Hsarrazin (talkcontribs)

@Vladimir Alexiev : my question was about some way to click and join entries to put them directly on created item, instead of creating empty item, and then adding entries one by one :)

something like checkbox near each entry... to select the right ones to add to new item :)

Reply to "Mix'n'Match : matching items from different sources, without item"
Multichill (talkcontribs)

Hi Magnus, I created Artsy artist (P2042). Artsy is already in mix'n'match, but missing the property. Can you add it so the collected data can be imported to Wikidata? Thanks

Magnus Manske (talkcontribs)

Done, syncing now.

Multichill (talkcontribs)

Great. Thank you.

Reply to "Artsy artist"

QuickIntersection v2 - get the corresponding Wikidata item for Commons

8
Jura1 (talkcontribs)

The tool currently throws an error message.

BTW, when it works, the option "Get the corresponding Wikidata item for the individual page" doesn't work for Commons.

Jura1 (talkcontribs)

Just noticed that version 3 works: http://tools.wmflabs.org/catscan3/quick_intersection.php but not version 2: http://tools.wmflabs.org/catscan2/quick_intersection.php

Jura1 (talkcontribs)

v2 works again. The Wikidata item would be helpful.

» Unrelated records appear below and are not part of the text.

(* Let $G$ be a finite $p$-group with $Z(G)$ cyclic, let $\alpha\in Z^2(G,\mathbb{C}^\times)$ and let $\rho$ be an irreducible $\alpha$-representation of $G$. Then $\rho$ is faithful if and only if, for any (equivalently, some) non-trivial subgroup $A\le Z(G)$, the restriction $\rho|_A$ is faithful, i.e. no $1\ne a\in A$ has $\rho(a)$ a scalar matrix.
   Context: An $\alpha$-representation is a map $\rho:G\to\mathrm{GL}(V)$ with $\rho(1)=1$ and $\rho(g)\rho(h)=\alpha(g,h)\rho(gh)$; it is faithful if the only $g\in G$ with $\rho(g)$ scalar is $g=1$. *)

From HB Require Import structures.
From mathcomp Require Import all_boot all_order all_algebra all_fingroup all_solvable all_field.
Set Implicit Arguments. Unset Strict Implicit. Unset Printing Implicit Defensive.
Import GRing.Theory.
Local Open Scope group_scope.
Local Open Scope ring_scope.

(* A 2-cocycle of G with values in C^x (trivial action), modelled by algC. *)
Definition cocycle2 (gT : finGroupType) (G : {set gT}) (alpha : gT -> gT -> algC) : Prop :=
  (forall g h, g \in G -> h \in G -> alpha g h != 0%R) /\
  (forall g h k, g \in G -> h \in G -> k \in G ->
     (alpha g h * alpha (g * h)%g k = alpha h k * alpha g (h * k)%g)%R).

Definition alpha_rep (gT : finGroupType) (G : {set gT}) (alpha : gT -> gT -> algC)
  (n : nat) (rho : gT -> 'M[algC]_n) : Prop :=
  rho 1%g = 1%:M /\
  (forall g h, g \in G -> h \in G -> rho g *m rho h = alpha g h *: rho (g * h)%g).

Definition alpha_rep_irr (gT : finGroupType) (G : {set gT})
  (n : nat) (rho : gT -> 'M[algC]_n) : Prop :=
  (0 < n)%N /\
  forall m (U : 'M[algC]_(m, n)),
    (forall g, g \in G -> (U *m rho g <= U)%MS) -> (U == 0)%R || row_full U.

Definition faithful_on (gT : finGroupType) (A : {set gT})
  (n : nat) (rho : gT -> 'M[algC]_n) : Prop :=
  forall a, a \in A -> is_scalar_mx (rho a) -> a = 1%g.

From mathcomp Require Import all_boot all_order all_algebra all_fingroup all_solvable all_field.
Set Implicit Arguments. Unset Strict Implicit. Unset Printing Implicit Defensive.
Import GRing.Theory.
Local Open Scope group_scope.

(* The elements of G acting by scalars form a normal subgroup of G, the
   kernel of the projective representation induced by rho.  In a p-group
   every nontrivial normal subgroup meets the centre, and when the centre is
   cyclic every nontrivial subgroup of it contains the unique subgroup of
   order p.  So if rho is faithful on one nontrivial central subgroup A, the
   kernel meets A trivially and must itself be trivial. *)

Lemma Ohm1_cyclic_pgroup_sub (gT : finGroupType) (p : nat) (C H : {group gT}) :
  cyclic C -> p.-group C -> H \subset C -> H :!=: 1 -> 'Ohm_1(C) \subset H.
Proof.
move=> cycC pC sHC ntH.
have ntC : C :!=: 1 by apply: contraNneq ntH => C1; rewrite -subG1 -C1.
have pH := pgroupS sHC pC.
have <- : 'Ohm_1(H) = 'Ohm_1(C).
  apply/eqP; rewrite (eq_subG_cyclic cycC) ?Ohm_sub ?(subset_trans (Ohm_sub 1 H)) //.
  by rewrite (Ohm1_cyclic_pgroup_prime _ pH) ?(Ohm1_cyclic_pgroup_prime _ pC) ?(cyclicS sHC).
exact: Ohm_sub.
Qed.

Lemma cyclic_pgroup_meet (gT : finGroupType) (p : nat) (C H K : {group gT}) :
  cyclic C -> p.-group C -> H \subset C -> K \subset C ->
  H :!=: 1 -> K :!=: 1 -> H :&: K != 1.
Proof.
move=> cycC pC sHC sKC ntH ntK.
have ntC : C :!=: 1 by apply: contraNneq ntH => C1; rewrite -subG1 -C1.
apply: contraNneq ntC => tiHK; rewrite -Ohm1_eq1 -subG1 -tiHK subsetI.
by rewrite !(Ohm1_cyclic_pgroup_sub cycC pC).
Qed.

Lemma normal_meet_cyclic_center (gT : finGroupType) (p : nat) (G K A : {group gT}) :
  p.-group G -> cyclic 'Z(G) -> K <| G -> K :!=: 1 ->
  A \subset 'Z(G) -> A :!=: 1 -> K :&: A != 1.
Proof.
move=> pG cycZ nKG ntK sAZ ntA.
have ntKZ := meet_center_nil (pgroup_nil pG) nKG ntK.
have pZ := pgroupS (center_sub G) pG.
have := cyclic_pgroup_meet cycZ pZ (subsetIr K _) sAZ ntKZ ntA.
apply: contraNneq => tiKA; rewrite -subG1 -tiKA.
by rewrite setSI ?subsetIl.
Qed.

Lemma is_scalar_mxZ (F : fieldType) (n : nat) (x : F) (M : 'M[F]_n) :
  x != 0%R -> is_scalar_mx (x *: M)%R = is_scalar_mx M.
Proof.
move=> x_neq0; apply/is_scalar_mxP/is_scalar_mxP => -[c defM].
  by exists (x^-1 * c)%R; rewrite -scale_scalar_mx -defM scalerA mulVf ?scale1r.
by exists (x * c)%R; rewrite defM scale_scalar_mx.
Qed.

Definition scalar_kernel (gT : finGroupType) (G : {set gT}) (n : nat)
    (rho : gT -> 'M[algC]_n) : {set gT} :=
  [set g in G | is_scalar_mx (rho g)].

Section ScalarKernel.

Variables (gT : finGroupType) (G : {group gT}) (alpha : gT -> gT -> algC).
Variables (n : nat) (rho : gT -> 'M[algC]_n).
Hypothesis alpha_neq0 : forall g h, g \in G -> h \in G -> alpha g h != 0%R.
Hypothesis rho_rep : alpha_rep G alpha rho.

Local Notation K := (scalar_kernel G rho).

Lemma scalar_kernel_sub : K \subset G.
Proof. by apply/subsetP => g; rewrite inE => /andP[]. Qed.

Lemma scalar_kernelM g h : g \in K -> h \in K -> g * h \in K.
Proof.
have [_ rhoM] := rho_rep.
rewrite !inE => /andP[gG /is_scalar_mxP[a rho_g]] /andP[hG /is_scalar_mxP[b rho_h]].
rewrite groupM // -(is_scalar_mxZ _ (alpha_neq0 gG hG)) -rhoM //.
by rewrite rho_g rho_h -scalar_mxM scalar_mx_is_scalar.
Qed.

Fact scalar_kernel_group_set : group_set K.
Proof.
have [rho1 _] := rho_rep.
apply/group_setP; split; last exact: scalar_kernelM.
by rewrite inE group1 rho1 scalar_mx_is_scalar.
Qed.

Canonical scalar_kernel_group := Group scalar_kernel_group_set.

(* rho(x^-1) rho(g) rho(x) is a nonzero multiple of rho(g ^ x), and it is
   a * rho(x^-1) rho(x), itself a multiple of rho 1 = 1, when rho(g) = a. *)
Lemma scalar_kernelJ g x : x \in G -> g \in K -> g ^ x \in K.
Proof.
have [rho1 rhoM] := rho_rep.
move=> xG; rewrite !inE => /andP[gG /is_scalar_mxP[a rho_g]].
have xVG : x^-1 \in G by rewrite groupV.
have gxG : g * x \in G by rewrite groupM.
rewrite groupJ //= conjgE -(is_scalar_mxZ _ (alpha_neq0 xVG gxG)) -rhoM //.
rewrite -(is_scalar_mxZ _ (alpha_neq0 gG xG)) scalemxAr -rhoM //.
rewrite rho_g mul_scalar_mx -scalemxAr rhoM // mulVg rho1.
by rewrite !scale_scalar_mx scalar_mx_is_scalar.
Qed.

Lemma scalar_kernel_normal : K <| G.
Proof.
apply/normalP; split=> [|x xG]; first exact: scalar_kernel_sub.
apply/eqP; rewrite eqEcard cardJg leqnn andbT.
apply/subsetP => y; rewrite mem_conjg => yK.
by rewrite -(conjgKV x y) scalar_kernelJ.
Qed.

Lemma faithful_onP (A : {group gT}) :
  A \subset G -> reflect (faithful_on A rho) (A :&: K == 1).
Proof.
move=> sAG; apply: (iffP idP) => [tiAK a aA rho_a | faithfulA].
  by apply/set1gP; rewrite -(eqP tiAK) inE aA inE (subsetP sAG).
by rewrite -subG1; apply/subsetP => a; rewrite !inE => /andP[aA /andP[_ /(faithfulA a aA)->]].
Qed.

End ScalarKernel.

Lemma faithful_onS (gT : finGroupType) (n : nat) (rho : gT -> 'M[algC]_n) (A B : {set gT}) :
  B \subset A -> faithful_on A rho -> faithful_on B rho.
Proof. by move=> sBA faithfulA b bB; apply: faithfulA; apply: (subsetP sBA). Qed.

Lemma faithful_on_center_faithful (gT : finGroupType) (p : nat) (G A : {group gT})
    (alpha : gT -> gT -> algC) (n : nat) (rho : gT -> 'M[algC]_n) :
  p.-group G -> cyclic 'Z(G) -> cocycle2 G alpha -> alpha_rep G alpha rho ->
  A \subset 'Z(G) -> A :!=: 1 -> faithful_on A rho -> faithful_on G rho.
Proof.
move=> pG cycZ [alpha_neq0 _] rho_rep sAZ ntA faithfulA.
pose K := scalar_kernel_group alpha_neq0 rho_rep.
have nKG : K <| G := scalar_kernel_normal alpha_neq0 rho_rep.
have sAG := subset_trans sAZ (center_sub G).
apply/(faithful_onP alpha_neq0 rho_rep (subxx G)).
rewrite (setIidPr (normal_sub nKG)).
move/(faithful_onP alpha_neq0 rho_rep sAG): faithfulA; apply: contraTT => ntK.
by rewrite setIC (normal_meet_cyclic_center pG cycZ nKG).
Qed.

Theorem corollary2p8 (gT : finGroupType) (G : {group gT}) (p : nat)
  (alpha : gT -> gT -> algC) (n : nat) (rho : gT -> 'M[algC]_n) :
  prime p -> p.-group G -> cyclic 'Z(G) ->
  cocycle2 G alpha -> alpha_rep G alpha rho -> alpha_rep_irr G rho ->
  (faithful_on G rho <->
     (forall A : {group gT}, A \subset 'Z(G) -> A :!=: 1 -> faithful_on A rho)) /\
  (G :!=: 1 ->
   (faithful_on G rho <->
     (exists A : {group gT}, [/\ A \subset 'Z(G), A :!=: 1 & faithful_on A rho]))).
Proof.
move=> _ pG cycZ alpha_cocycle rho_rep _.
have sZG := center_sub G.
have sZZ : 'Z(G) \subset 'Z(G) := subxx _.
have ntZ : G :!=: 1 -> 'Z(G) :!=: 1 by move=> ntG; rewrite center_nil_eq1 // (pgroup_nil pG).
have from_center A := @faithful_on_center_faithful _ _ G A _ _ _ pG cycZ alpha_cocycle rho_rep.
split; last first.
  move=> ntG; split=> [faithfulG | [A [sAZ ntA faithfulA]]].
    by exists 'Z(G)%G; split; [| exact: ntZ | exact: faithful_onS sZG faithfulG].
  exact: from_center sAZ ntA faithfulA.
split=> [faithfulG A sAZ _ | faithfulZ].
  exact: faithful_onS (subset_trans sAZ sZG) faithfulG.
have [G1 | /ntZ ntZG] := eqsVneq G 1.
  by move=> a; rewrite G1 inE => /eqP.
have faithfulZ1 := faithfulZ _ sZZ ntZG.
exact: (from_center _ sZZ ntZG faithfulZ1).
Qed.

Magnus Manske (talkcontribs)

Works for me.

Jura1 (talkcontribs)

I know it does for Wikipedia, but not for Commons sample

Jura1 (talkcontribs)

in fact no: it works for ns 0, but not ns 14

Jura1 (talkcontribs)

ns 0 works at Wikipedia, but not at Commons

ns 14 doesn't work at both

Jura1 (talkcontribs)

For ns0, it works for Commons when using just "wiki" or "wikipedia" as site name

A quick patch for ns:14 could be to add "Category:" to the page title when the language = "commons" and ns=14 possibly somewhere here

Reply to "QuickIntersection v2 - get the corresponding Wikidata item for Commons"
Hsarrazin (talkcontribs)

Do you think it would be possible to import NGV artists in Mix'n'Match https://www.ngv.vic.gov.au/explore/collection/artist/?surname=a

a lot of Australian and NZ artists, which could complete other artists databases.  :)

Multichill (talkcontribs)

Hi Hsarrazin, I considered proposing a new property for this, but didn't do it yet. Did it right now at the proposal page. I guess Magnus can add it to mix'n'match when the property id is known.

Hsarrazin (talkcontribs)

Hi Multichill, and Magnus

in fact, a lot of museums those paintings come from have interesting databases, but the most interesting are those that propose artists not know in other places, like Finland, Denmark, Australia/NZ, etc :)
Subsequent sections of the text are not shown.